Despite warnings of a bubble, the biggest players in the industry are expected to continue building the necessary AI infrastructure. The 13 biggest tech companies in the world have a combined cash pile of $1 trillion, and have access to cheap debt, enough to maintain balance sheet flexibility and ensure resilient credit quality even amid the AI spending surge, Bloomberg Intelligence credit analysts Robert Schiffman and Alex Reid wrote in a note Wednesday.
"The rate of cash generation continues to outpace spending, despite record-high shareholder returns and AI-related capital expenditures, minimizing ratings risk,” the analyst said.
While the biggest block trade in Nvidia options involved an active seller unloading $43.68 million in call options, that was just part of a multi-leg transaction that included buying bullish call options which were double the size of the contracts that were sold.

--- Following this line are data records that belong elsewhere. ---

(* Let $H$ be a finite-dimensional real Hilbert space and let $A = A_1 + A_2$, where $A_1, A_2: H\to H$ are linear operators with $A_1 = A_2^*$, and $A=A^*>0$. Let $\sigma\ge 1/2$, $\tau>0$, and let $y^0,y^1\in H$ be arbitrary and $\varphi^n\in H$. Let $y^{n+1}$, $n\ge1$, be defined by the three-level (multilevel alternating triangle method) scheme $$(E+\sigma\tau A)\frac{y^{n+1}-y^n}{\tau} + \sigma^2\tau^3 A_1A_2\,\frac{y^{n+1}-2y^n+y^{n-1}}{\tau^2} + A y^n = \varphi^n,\quad n=1,2,\dots .$$ Define $$R = \frac{\tau}{2}E + \sigma^2\tau^3 A_1A_2 + \frac{\tau^2}{4}(2\sigma-1)A,$$ $$\mathcal{E}_{n} = \left\|\frac{y^{n}+y^{n-1}}{2}\right\|_A^2 + \left\|\frac{y^{n}-y^{n-1}}{\tau}\right\|_{R}^2 ,\quad n\ge 1.$$ Then $R$ is self-adjoint and positive definite (so $\mathcal{E}_n$ is a squared norm of the pair of consecutive levels), $E+\sigma\tau A$ is self-adjoint positive definite, and for every $n\ge1$, regardless of $\tau$, $$\mathcal{E}_{n+1} \le \mathcal{E}_n + \frac{\tau}{2}\,\|\varphi^n\|^2_{(E+\sigma\tau A)^{-1}} .$$
   Context: $H$ has scalar product $(\cdot,\cdot)$ and norm $\|y\|=(y,y)^{1/2}$; $A^*$ denotes the adjoint. For a self-adjoint positive definite operator $D$ on $H$, $\|y\|_D = (Dy,y)^{1/2}$; in particular $\|\varphi\|^2_{(E+\sigma\tau A)^{-1}} = ((E+\sigma\tau A)^{-1}\varphi,\varphi)$. $E$ denotes the identity operator on $H$. *)

(* H = 'cV[R]_d (column vectors) with the standard inner product,
   over an arbitrary real field R (every finite-dimensional real Hilbert space
   is isometric to such a space). *)
From HB Require Import structures.
From mathcomp Require Import all_boot all_order all_algebra.
Set Implicit Arguments. Unset Strict Implicit. Unset Printing Implicit Defensive.
Import Order.TTheory GRing.Theory Num.Theory.
Local Open Scope ring_scope.

Definition ip (R : realFieldType) (d : nat) (x y : 'cV[R]_d) : R := (x^T *m y) 0 0.

Definition sqnormD (R : realFieldType) (d : nat) (D : 'M[R]_d) (y : 'cV[R]_d) : R :=
  ip (D *m y) y.

(* self-adjoint (D^* = D, adjoint = transpose for the standard scalar product)
   and positive definite *)
Definition selfadj_posdef (R : realFieldType) (d : nat) (D : 'M[R]_d) : Prop :=
  D^T = D /\ forall v : 'cV[R]_d, v != 0 -> 0 < ip (D *m v) v.

From HB Require Import structures.
From mathcomp Require Import all_boot all_order all_algebra ring lra.
Import Order.TTheory GRing.Theory Num.Theory.
Local Open Scope ring_scope.

(* The proof follows the classical energy method:
   1. bilinearity/symmetry of ip, and the quadratic-form facts we need:
      a positive definite operator is invertible, and adding a positive
      semidefinite self-adjoint operator keeps it positive definite; this
      shows that R = tau/2 E + sigma^2 tau^3 A1 A2 + tau^2/4 (2 sigma - 1) A and
      B = E + sigma tau A are self-adjoint positive definite (A1 A2 = A2^T A2
      is a Gram operator, and 2 sigma - 1 >= 0);
   2. the energy identity: for self-adjoint A and C = A1 A2, taking the scalar
      product of the scheme with w = (y^{n+1} - y^{n-1}) / tau gives
        E_{n+1} = E_n + tau (phi, w) - tau/2 (B w, w);
   3. the Young-type bound tau (phi, w) - tau/2 (B w, w) <= tau/2 (B^-1 phi, phi),
      which is the expansion of 0 <= (B (w - B^-1 phi), w - B^-1 phi). *)

Section ScalarProduct.
Set Implicit Arguments. Unset Strict Implicit.
Variables (R : realFieldType) (d : nat).
Implicit Types (x y z : 'cV[R]_d) (M N : 'M[R]_d) (a : R).

Lemma ipDl x y z : ip (x + y) z = ip x z + ip y z.
Proof. by rewrite /ip linearD mulmxDl mxE. Qed.

Lemma ipDr x y z : ip z (x + y) = ip z x + ip z y.
Proof. by rewrite /ip mulmxDr mxE. Qed.

Lemma ipZl a x y : ip (a *: x) y = a * ip x y.
Proof. by rewrite /ip linearZ /= -scalemxAl mxE. Qed.

Lemma ipZr a x y : ip x (a *: y) = a * ip x y.
Proof. by rewrite /ip -scalemxAr mxE. Qed.

Lemma ipNl x y : ip (- x) y = - ip x y.
Proof. by rewrite -scaleN1r ipZl mulN1r. Qed.

Lemma ipNr x y : ip x (- y) = - ip x y.
Proof. by rewrite -scaleN1r ipZr mulN1r. Qed.

Lemma ipBl x y z : ip (x - y) z = ip x z - ip y z.
Proof. by rewrite ipDl ipNl. Qed.

Lemma ipBr x y z : ip z (x - y) = ip z x - ip z y.
Proof. by rewrite ipDr ipNr. Qed.

Lemma ip0l y : ip 0 y = 0.
Proof. by rewrite -(scale0r 0) ipZl mul0r. Qed.

Lemma ipC x y : ip x y = ip y x.
Proof. by rewrite /ip -[in LHS](trmxK (x^T *m y)) mxE trmx_mul trmxK. Qed.

Lemma ip_adj M x y : ip (M *m x) y = ip x (M^T *m y).
Proof. by rewrite /ip trmx_mul mulmxA. Qed.

Lemma ip_selfadj {M} x y : M^T = M -> ip (M *m x) y = ip (M *m y) x.
Proof. by move=> hM; rewrite ip_adj hM ipC. Qed.

Lemma ip_ge0 x : 0 <= ip x x.
Proof. by rewrite /ip mxE; apply: sumr_ge0 => i _; rewrite mxE -expr2 sqr_ge0. Qed.

Lemma ip_gt0 x : x != 0 -> 0 < ip x x.
Proof.
move=> hx; rewrite lt_def ip_ge0 andbT; apply: contra hx => /eqP h0.
apply/eqP/matrixP => i j; rewrite ord1 mxE.
have term_ge0 k : true -> 0 <= x^T 0 k * x k 0 by rewrite mxE -expr2 sqr_ge0.
move: h0; rewrite /ip mxE => /(psumr_eq0P term_ge0)/(_ i isT).
by rewrite mxE -expr2 => /eqP; rewrite sqrf_eq0 => /eqP.
Qed.

Definition posemidef M : Prop := forall v : 'cV[R]_d, 0 <= ip (M *m v) v.

Lemma posdef_semidef {M} : selfadj_posdef M -> posemidef M.
Proof.
move=> [_ hM] v; have [->|hv] := eqVneq v 0; first by rewrite mulmx0 ip0l.
exact/ltW/hM.
Qed.

(* Gram operators N^T N are positive semidefinite: (N^T N v, v) = ||N v||^2. *)
Lemma gram_semidef N : posemidef (N^T *m N).
Proof. by move=> v; rewrite -mulmxA ip_adj trmxK ip_ge0. Qed.

Lemma semidefZ a M : 0 <= a -> posemidef M -> posemidef (a *: M).
Proof. by move=> ha hM v; rewrite -scalemxAl ipZl mulr_ge0. Qed.

Lemma scalar_posdef a : 0 < a -> selfadj_posdef (a%:M : 'M[R]_d).
Proof.
move=> ha; split; first exact: tr_scalar_mx.
by move=> v hv; rewrite mul_scalar_mx ipZl mulr_gt0 ?ip_gt0.
Qed.

Lemma posdefD M N :
  selfadj_posdef M -> N^T = N -> posemidef N -> selfadj_posdef (M + N).
Proof.
move=> [hMt hM] hNt hN; split; first by rewrite linearD /= hMt hNt.
by move=> v hv; rewrite mulmxDl ipDl ltr_wpDr ?hM.
Qed.

Lemma posdef_unit M : selfadj_posdef M -> M \in unitmx.
Proof.
move=> hM; rewrite -row_free_unit; apply: inj_row_free => v hv.
have Mv0 : M *m v^T = 0 by rewrite -{1}hM.1 -trmx_mul hv linear0.
apply/eqP; rewrite -trmx_eq0; apply/negPn/negP => hnz.
by have := hM.2 _ hnz; rewrite Mv0 ip0l ltxx.
Qed.

(* Young-type inequality in the norm of M:
   t (f, s) - t/2 ||s||_M^2 <= t/2 ||f||_{M^-1}^2, from 0 <= ||s - M^-1 f||_M^2. *)
Lemma young_posdef M (t : R) (f s : 'cV[R]_d) : selfadj_posdef M -> 0 < t ->
  t * ip f s - t / 2%:R * ip (M *m s) s <= t / 2%:R * ip (invmx M *m f) f.
Proof.
move=> hM ht; set z := invmx M *m f.
have Mz : M *m z = f by rewrite /z mulKVmx //; exact: posdef_unit.
have := posdef_semidef hM (s - z).
rewrite mulmxBr Mz ipBl !ipBr (ip_selfadj s z hM.1) Mz (ipC f z) => hsq.
have : 0 <= t / 2%:R * (ip (M *m s) s - ip f s - (ip f s - ip z f)).
  by apply: mulr_ge0; [rewrite divr_ge0 ?ltW | lra].
lra.
Qed.

End ScalarProduct.

Section EnergyIdentity.
Variables (R : realFieldType) (d : nat) (A C : 'M[R]_d) (sigma tau : R).
Hypotheses (hAt : A^T = A) (hCt : C^T = C) (htau : tau != 0).

(* The operators of the scheme, with C standing for A1 A2. *)
Definition schemeB : 'M[R]_d := 1%:M + (sigma * tau) *: A.
Definition schemeR : 'M[R]_d := (tau / 2%:R)%:M + (sigma ^+ 2 * tau ^+ 3) *: C
  + (tau ^+ 2 / 4%:R * (2%:R * sigma - 1)) *: A.

Definition energy2 (a b : 'cV[R]_d) : R :=
  sqnormD A (2^-1 *: (a + b)) + sqnormD schemeR (tau^-1 *: (a - b)).

Definition scheme_lhs (a b c : 'cV[R]_d) : 'cV[R]_d :=
  schemeB *m (tau^-1 *: (a - b))
  + (sigma ^+ 2 * tau ^+ 3) *: C *m ((tau ^+ 2)^-1 *: (a - 2%:R *: b + c))
  + A *m b.

(* Energy identity: the scalar product of the scheme with the central
   difference w = (a - c) / tau. *)
Lemma energy2_step (a b c : 'cV[R]_d) :
  let w := tau^-1 *: (a - c) in
  energy2 a b = energy2 b c + tau * ip (scheme_lhs a b c) w
                - tau / 2%:R * ip (schemeB *m w) w.
Proof.
rewrite /energy2 /scheme_lhs /schemeB /schemeR /sqnormD.
do 4 rewrite ?mulmxDl ?mulmxDr ?mulmxN -?scalemxAl -?scalemxAr ?mul_scalar_mx ?mul1mx.
rewrite !(ipDl, ipDr, ipNl, ipNr, ipZl, ipZr).
rewrite (ip_selfadj b a hAt) (ip_selfadj c a hAt) (ip_selfadj c b hAt).
rewrite (ip_selfadj b a hCt) (ip_selfadj c a hCt) (ip_selfadj c b hCt).
rewrite (ipC b a) (ipC c a) (ipC c b).
by field; rewrite ?htau ?pnatr_eq0.
Qed.

End EnergyIdentity.

Theorem theorem3 (R : realFieldType) (d : nat)
  (A1 A2 : 'M[R]_d) (sigma tau : R) (y phi : nat -> 'cV[R]_d)
  (hadj : A1 = A2^T)
  (hA : selfadj_posdef (A1 + A2))
  (hsigma : 2^-1 <= sigma) (htau : 0 < tau)
  (hscheme : forall n : nat, (1 <= n)%N ->
     (1%:M + (sigma * tau) *: (A1 + A2)) *m (tau^-1 *: (y n.+1 - y n))
     + (sigma ^+ 2 * tau ^+ 3) *: (A1 *m A2)
         *m ((tau ^+ 2)^-1 *: (y n.+1 - 2%:R *: y n + y n.-1))
     + (A1 + A2) *m y n = phi n) :
  let A := A1 + A2 in
  let B := 1%:M + (sigma * tau) *: A in
  let Rop := (tau / 2%:R)%:M + (sigma ^+ 2 * tau ^+ 3) *: (A1 *m A2)
             + (tau ^+ 2 / 4%:R * (2%:R * sigma - 1)) *: A in
  let energy := fun n : nat =>
     sqnormD A (2^-1 *: (y n + y n.-1)) + sqnormD Rop (tau^-1 *: (y n - y n.-1)) in
  selfadj_posdef Rop /\ selfadj_posdef B /\
  forall n : nat, (1 <= n)%N ->
    energy n.+1 <= energy n + tau / 2%:R * ip (invmx B *m phi n) (phi n).
Proof.
move=> A B Rop energy.
have hAt : A^T = A := hA.1.
have hC : A1 *m A2 = A2^T *m A2 by rewrite hadj.
have hCt : (A1 *m A2)^T = A1 *m A2 by rewrite hC trmx_mul trmxK.
have hA0 := posdef_semidef hA.
have h2sigma : 0 <= 2%:R * sigma - 1.
  have two_half : (2%:R * 2^-1 : R) = 1 by rewrite divff // pnatr_eq0.
  lra.
have hRop : selfadj_posdef Rop.
  apply: posdefD; [apply: posdefD | by rewrite linearZ /= hAt |].
  - by apply: scalar_posdef; rewrite divr_gt0.
  - by rewrite linearZ /= hCt.
  - apply: semidefZ; first by rewrite mulr_ge0 ?sqr_ge0 ?exprn_ge0 // ltW.
    by rewrite hC; exact: gram_semidef.
  - by apply: semidefZ; rewrite // mulr_ge0 ?divr_ge0 ?sqr_ge0.
have hB : selfadj_posdef B.
  apply: posdefD; [exact: scalar_posdef | by rewrite linearZ /= hAt |].
  by apply: semidefZ hA0; apply: mulr_ge0; lra.
split => //; split => // n hn.
have -> : energy n.+1 = energy n
   + tau * ip (phi n) (tau^-1 *: (y n.+1 - y n.-1))
   - tau / 2%:R * ip (B *m (tau^-1 *: (y n.+1 - y n.-1))) (tau^-1 *: (y n.+1 - y n.-1)).
  by rewrite -(hscheme n hn); exact: (@energy2_step _ _ A _ sigma tau hAt hCt (lt0r_neq0 htau)).
have := young_posdef (phi n) (tau^-1 *: (y n.+1 - y n.-1)) hB htau.
lra.
Qed.
(* Let $k$ be an infinite Brauer field of characteristic $0$, let $d\ge 1$, and assume that $\Sigma^*((d))$ holds. There is a constant $C(d)$ such that for every finite-dimensional $k$-vector space $V$ and every homogeneous polynomial $f$ of degree $d$ on $V$ that is diagonal of rank $>C(d)$, there is a three-dimensional subspace $E$ of $V$ such that $f|_E$ is good.
   Context: A field $k$ is a Brauer field if for every $d\ge 1$ there is $N_k(d)$ such that every equation $a_1x_1^d+\cdots+a_nx_n^d=0$ with $n>N_k(d)$, $a_i\in k$, has a non-trivial solution in $k^n$. A homogeneous polynomial $f$ of degree $d$ on $V$ is diagonal of rank $r$ if there are linear coordinates $x_1,\ldots,x_n$ on $V$ with $f=a_1x_1^d+\cdots+a_rx_r^d$ and $a_1,\ldots,a_r\in k$ all nonzero. A homogeneous polynomial $h$ of degree $d$ on a $3$-dimensional space is good if $h=xy^{d-1}+ay^d+bz^d$ for some coordinates $x,y,z$, some $a\in k$, $b\in k^{\times}$. Multi-degrees are tuples $(e_1\ge\cdots\ge e_s\ge 1)$ compared lexicographically (a proper initial segment being smaller). Strength: for a homogeneous $f$ of degree $d>0$, $\operatorname{str}(f)$ is the minimal $s$ with $f=\sum_{t=1}^s g_th_t$, $g_t,h_t$ homogeneous over $k$ of degrees $<d$; the strength of a tuple is the minimal strength of a nontrivial $k$-linear combination of its members of equal degree. $\Sigma(\underline{e})$ is the statement: there is a constant $C$ such that for every finite-dimensional $k$-vector space $U$ and every tuple $\underline{g}$ of homogeneous polynomials on $U$ of multi-degree $\underline{e}$ with $\operatorname{str}(\underline{g})>C$, the $k$-points of the common zero locus $Z(\underline{g})$ are Zariski dense in $Z(\underline{g})$. $\Sigma^*((d))$ is the statement that $\Sigma(\underline{e})$ holds for every multi-degree $\underline{e}<(d)$, i.e. every multi-degree with first entry $<d$. *)

From HB Require Import structures.
From mathcomp Require Import all_boot all_order all_algebra.
From mathcomp Require Import mpoly.
Set Implicit Arguments. Unset Strict Implicit. Unset Printing Implicit Defensive.
Import Order.TTheory GRing.Theory.
Local Open Scope ring_scope.

(* A finite-dimensional k-vector space V is modelled as k^n (a choice of
   linear coordinates), polynomial functions on V as {mpoly k[n]}. *)

Section Defs.
Variable k : fieldType.

(* p is homogeneous of degree d (the zero polynomial is homogeneous of every degree) *)
Definition homogeneous (n d : nat) (p : {mpoly k[n]}) : Prop :=
  p \is @ishomog1 n k d mdeg.

Definition linforms (n m : nat) (M : 'M[k]_(n, m)) : n.-tuple {mpoly k[m]} :=
  [tuple \sum_(j < m) M i j *: 'X_j | i < n].

Definition pullback (n m : nat) (M : 'M[k]_(n, m)) (p : {mpoly k[n]}) : {mpoly k[m]} :=
  comp_mpoly (linforms M) p.

Definition brauer_field : Prop :=
  forall d : nat, (1 <= d)%N -> exists N : nat,
    forall (n : nat) (a : 'I_n -> k), (N < n)%N ->
      exists x : 'I_n -> k, (exists i, x i != 0) /\ \sum_(i < n) a i * x i ^+ d = 0.

(* f is diagonal of rank r: in some linear coordinates x (given by an
   invertible matrix A, x_i = sum_j A i j X_j), f = a_1 x_1^d + ... + a_r x_r^d
   with all a_i nonzero. *)
Definition diagonal_of_rank (n d r : nat) (f : {mpoly k[n]}) : Prop :=
  exists (A : 'M[k]_n) (a : 'I_n -> k),
    A \in unitmx /\ (r <= n)%N /\
    (forall i : 'I_n, (i < r)%N -> a i != 0) /\
    f = pullback A (\sum_(i < n | (i < r)%N) a i *: 'X_i ^+ d).

Definition good (d : nat) (h : {mpoly k[3]}) : Prop :=
  exists (P : 'M[k]_3) (a b : k),
    P \in unitmx /\ b != 0 /\
    h = pullback P ('X_0 * 'X_1 ^+ d.-1 + a *: 'X_1 ^+ d + b *: 'X_2 ^+ d).

Definition strength_le (n d s : nat) (f : {mpoly k[n]}) : Prop :=
  exists (deg : 'I_s -> nat) (g h : 'I_s -> {mpoly k[n]}),
    (forall t, 1 <= deg t < d)%N /\
    (forall t, homogeneous (deg t) (g t)) /\
    (forall t, homogeneous (d - deg t) (h t)) /\
    f = \sum_(t < s) g t * h t.

Definition tuple_strength_gt (n : nat) (e : seq nat) (g : seq {mpoly k[n]}) (C : nat) : Prop :=
  forall (deg : nat) (c : 'I_(size e) -> k),
    (forall i : 'I_(size e), c i != 0 -> nth 0%N e i = deg) ->
    (exists i, c i != 0) ->
    ~ strength_le deg C (\sum_(i < size e) c i *: nth 0 g i).

Definition multidegree (e : seq nat) : Prop :=
  sorted geq e /\ all (fun x => 0 < x)%N e.

(* The k-points of Z(g) are Zariski dense in Z(g): every polynomial over k
   vanishing on Z(g)(k) vanishes on Z(g)(K) for every field extension K/k. *)
Definition kpoints_dense (n : nat) (g : seq {mpoly k[n]}) : Prop :=
  forall h : {mpoly k[n]},
    (forall x : 'I_n -> k, (forall p, p \in g -> p.@[x] = 0) -> h.@[x] = 0) ->
    forall (K : fieldType) (phi : {rmorphism k -> K}) (x : 'I_n -> K),
      (forall p, p \in g -> (map_mpoly phi p).@[x] = 0) ->
      (map_mpoly phi h).@[x] = 0.

Definition Sigma (e : seq nat) : Prop :=
  exists C : nat, forall (n : nat) (g : seq {mpoly k[n]}),
    size g = size e ->
    (forall i, (i < size e)%N -> homogeneous (nth 0%N e i) (nth 0 g i)) ->
    tuple_strength_gt e g C ->
    kpoints_dense g.

(* lexicographic comparison e < (d) (a proper initial segment is smaller) *)
Definition multideg_lt_single (e : seq nat) (d : nat) : Prop :=
  match e with [::] => True | e1 :: _ => (e1 < d)%N end.

Definition Sigma_star (d : nat) : Prop :=
  forall e : seq nat, multidegree e -> multideg_lt_single e d -> Sigma e.

End Defs.

(* Write f = sum_(i < r) a_i x_i^d.  For vectors U, T vanishing at i0 = r-1, with moments
   M_j = sum_(i < r) a_i U_i^d T_i^j, the restriction of f to the span of the columns
   (c U_i), (U_i T_i) and e_i0 is sum_j binom(d, j) c^(d-j) M_j X^(d-j) Y^j + a_i0 Z^d.
   It is good as soon as M_j = 0 for j < d-1 and M_(d-1) <> 0 (take c = 1/(d M_(d-1))), and
   these two moment conditions also make the columns independent; for d = 1 one uses
   M_0 = 0 <> M_1 and the columns (c U_i T_i), (U_i) instead.
   Weighted points with any B_m prescribed nonzero coefficients and first nonvanishing moment
   of order m are built by induction on m.  Given N+1 such configurations with m-th moments
   c_l, the Brauer property yields x <> 0 with sum_l c_l x_l^(d+m) = 0; dilating the l-th
   configuration by x_l then kills the moments up to m, and translating a single block with
   x_l <> 0 by s moves the (m+1)-st moment by s (m+1) x_l^(d+m) c_l, which is nonzero in
   characteristic 0. *)

From HB Require Import structures.
From mathcomp Require Import all_boot all_order all_algebra.
From mathcomp Require Import mpoly.
From mathcomp Require Import ring zify.
Set Implicit Arguments. Unset Strict Implicit. Unset Printing Implicit Defensive.
Import GRing.Theory.
Local Open Scope ring_scope.

Section Moments.
Variables (k : fieldType) (d : nat).

Record point := Point { coef : k; scale : k; pos : k }.

Definition triple_of_point p := (coef p, scale p, pos p).
Definition point_of_triple x := Point x.1.1 x.1.2 x.2.
Lemma triple_of_pointK : cancel triple_of_point point_of_triple. Proof. by case. Qed.
HB.instance Definition _ := Equality.copy point (can_type triple_of_pointK).

Definition moment (j : nat) (t : seq point) : k :=
  \sum_(p <- t) coef p * scale p ^+ d * pos p ^+ j.

Definition dilate (c : k) (p : point) := Point (coef p) (c * scale p) (c * pos p).
Definition translate (s : k) (p : point) := Point (coef p) (scale p) (pos p + s).

Definition vanishing_order (m : nat) (t : seq point) : Prop :=
  (forall j, (j < m)%N -> moment j t = 0) /\ moment m t != 0.

Definition order_realizable (m B : nat) : Prop :=
  forall a : seq k, size a = B -> all (fun c => c != 0) a ->
  exists2 t, map coef t = a & vanishing_order m t.

Lemma moment_dilate j c t : moment j (map (dilate c) t) = c ^+ (d + j) * moment j t.
Proof.
rewrite /moment big_map mulr_sumr; apply: eq_bigr => p _ /=.
by rewrite !exprMn exprD; ring.
Qed.

Lemma moment_translate j s t :
  moment j (map (translate s) t) = \sum_(i < j.+1) moment (j - i) t * s ^+ i *+ 'C(j, i).
Proof.
rewrite /moment big_map.
under eq_bigr => p _ do rewrite /= exprDn mulr_sumr.
rewrite exchange_big /=; apply: eq_bigr => i _.
rewrite mulr_suml -sumrMnl; apply: eq_bigr => p _.
by rewrite mulrnAr mulrA.
Qed.

Section LowMomentsVanish.
Variables (m : nat) (t : seq point).
Hypothesis low : forall j, (j < m)%N -> moment j t = 0.

Lemma moment_translate_low j s : (j <= m)%N -> moment j (map (translate s) t) = moment j t.
Proof.
move=> jm; rewrite moment_translate big_ord_recl subn0 expr0 mulr1 bin0 mulr1n.
rewrite big1 ?addr0 // => i _.
by rewrite low ?mul0r ?mul0rn //; rewrite lift0; have := ltn_ord i; lia.
Qed.

Lemma moment_translate_succ s :
  moment m.+1 (map (translate s) t) = moment m.+1 t + s * (m.+1)%:R * moment m t.
Proof.
rewrite moment_translate !big_ord_recl subn0 expr0 mulr1 bin0 mulr1n.
rewrite big1 => [|i _]; last by rewrite low ?mul0r ?mul0rn // !lift0; have := ltn_ord i; lia.
by rewrite addr0 lift0 subSS subn0 expr1 bin1 -mulr_natr; congr (_ + _); ring.
Qed.

Lemma moment_dilate_low c j : (j < m)%N -> moment j (map (dilate c) t) = 0.
Proof. by move=> jm; rewrite moment_dilate low ?mulr0. Qed.

End LowMomentsVanish.

Lemma order_realizable0 : order_realizable 0 1.
Proof.
case=> [|c [|? ?]] //= _ /andP[cn0 _]; exists [:: Point c 1 0] => //.
by split=> //; rewrite /moment big_seq1 /= expr1n expr0 !mulr1.
Qed.

Lemma vanishing_order_combine m L (T : 'I_L -> seq point) (x : 'I_L -> k) (l0 : 'I_L) :
  (m.+1)%:R != 0 :> k -> x l0 != 0 -> (forall l, vanishing_order m (T l)) ->
  \sum_l moment m (T l) * x l ^+ (d + m) = 0 ->
  exists2 t, map coef t = flatten [seq map coef (T l) | l <- enum 'I_L]
           & vanishing_order m.+1 t.
Proof.
move=> m1 xl0 ordT hx.
have low l := moment_dilate_low (proj1 (ordT l)) (x l).
pose block s l := map (translate (if l == l0 then s else 0)) (map (dilate (x l)) (T l)).
pose t s := flatten [seq block s l | l <- enum 'I_L].
have momentE j s : moment j (t s) = \sum_l moment j (block s l).
  by rewrite /moment big_flatten big_map big_enum.
pose A := \sum_l moment m.+1 (map (dilate (x l)) (T l)).
pose K := (m.+1)%:R * (x l0 ^+ (d + m) * moment m (T l0)).
have momentS s : moment m.+1 (t s) = A + s * K.
  rewrite momentE; under eq_bigr => l _ do rewrite (moment_translate_succ (low l)).
  rewrite big_split; congr (_ + _).
  rewrite (bigD1 l0) //= big1 => [|l /negbTE->]; last by rewrite !mul0r.
  by rewrite eqxx addr0 moment_dilate /K; ring.
exists (t (if A == 0 then 1 else 0)).
  rewrite /t map_flatten -map_comp; congr flatten; apply: eq_map => l /=.
  by rewrite -!map_comp.
split=> [j|].
  rewrite ltnS leq_eqVlt => /predU1P[->|jm]; rewrite momentE.
    under eq_bigr => l _ do rewrite (moment_translate_low (low l)) // moment_dilate.
    by rewrite -[RHS]hx; apply: eq_bigr => l _; rewrite mulrC.
  by rewrite big1 // => l _; rewrite (moment_translate_low (low l)) ?low // ltnW.
have Kn0 : K != 0 by rewrite !mulf_neq0 ?expf_neq0 //; case: (ordT l0).
by rewrite momentS; case: (A =P 0) => [->|/eqP]; rewrite ?add0r ?mul1r ?mul0r ?addr0.
Qed.

Lemma order_realizableS m B L :
  (m.+1)%:R != 0 :> k ->
  (forall c : 'I_L -> k, exists2 x : 'I_L -> k,
     exists l, x l != 0 & \sum_l c l * x l ^+ (d + m) = 0) ->
  order_realizable m B -> order_realizable m.+1 (L * B).
Proof.
move=> m1 solve realB a size_a a_nz.
pose cs := reshape (nseq L B) a.
have size_cs : size cs = L by rewrite size_reshape size_nseq.
have sumn_sh : sumn (nseq L B) = size a by rewrite sumn_nseq size_a mulnC.
have flatten_cs : flatten cs = a by rewrite reshapeKr // sumn_sh.
have chunkP (l : 'I_L) : size (nth [::] cs l) = B /\ all (fun c => c != 0) (nth [::] cs l).
  split; first by rewrite -nth_shape reshapeKl ?sumn_sh // nth_nseq ltn_ord.
  apply/allP => c c_l; apply: (allP a_nz); rewrite -flatten_cs; apply/flattenP.
  by exists (nth [::] cs l); rewrite ?mem_nth ?size_cs.
have /fin_all_exists[T ordT] (l : 'I_L) :
    exists T, map coef T = nth [::] cs l /\ vanishing_order m T.
  by have [size_l nz_l] := chunkP l; have [T] := realB _ size_l nz_l; exists T.
have [x [l0 xl0] hx] := solve (fun l => moment m (T l)).
have [|t coef_t ord_t] := @vanishing_order_combine m L T x l0 m1 xl0 _ hx.
  by move=> l; case: (ordT l).
exists t => //; rewrite coef_t -[RHS]flatten_cs -[in RHS](mkseq_nth [::] cs) size_cs.
by rewrite /mkseq -val_enum_ord -map_comp; congr flatten; apply: eq_map => l /=; case: (ordT l).
Qed.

Bulls were undeterred by recent declines amid Wall Street expectations that the AI giant, valued at $4.2 trillion, will be able to sustain its revenue growth, despite the uncertainty it's facing on China sales.
At 12:04:17 p.m. in New York, an active seller unloaded 23,100 call options that give their holders the right to sell a total of 2.3 million shares at $158 each in 30 days. At that exact time, another block trade was posted involving the purchases of the exact amount of call options with a higher strike price of $175, a block of the same size for the $185 strike price and another one for $195.
The price of those $158 call options climbed 162% since June 9, the last time volume reached more than 20,000 contracts. That rally bolstered the case for its holder to cash in gains one month before the options expire.
If those multi-leg transactions originated from the same person or entity, it could mean that the holder of the $158 call option was simply rolling his or her position to higher strike prices.
The bullish transactions were posted a week before Nvidia is due to release fiscal second quarter results. Analysts, on average, expect the company to report a 53% growth in revenue to $46.08 billion, buoyed by robust demand for AI chips, according to estimates compiled by Bloomberg.
Data center revenue could climb to $41.06 billion in the quarter ended July 31, up from $26.3 billion a year earlier, estimates showed.
CFRA analyst Angelo Zino expects demand for Nvidia chips to be sustained through 2026, aided by the expansion in the total addressable market that includes AI agents and physical AI agents. He also sees greater software capabilities across the data center stack. That and the company's plan “to accelerate the cadence of new chip designs (annually) should support its massive competitive moat.”
Even excluding the sales to China, Bloomberg Intelligence industry analysts Kunjan Sobhani and Oscar Hernandez Tejada see Nvidia's guidance landing 10% above estimates.
"A modest beat for 2Q results and 3Q guidance appears possible as China reopens and GB300 ramps up," they said, referring to Nvidia's next-generation AI graphic processing unit system designed for the most demanding AI workloads.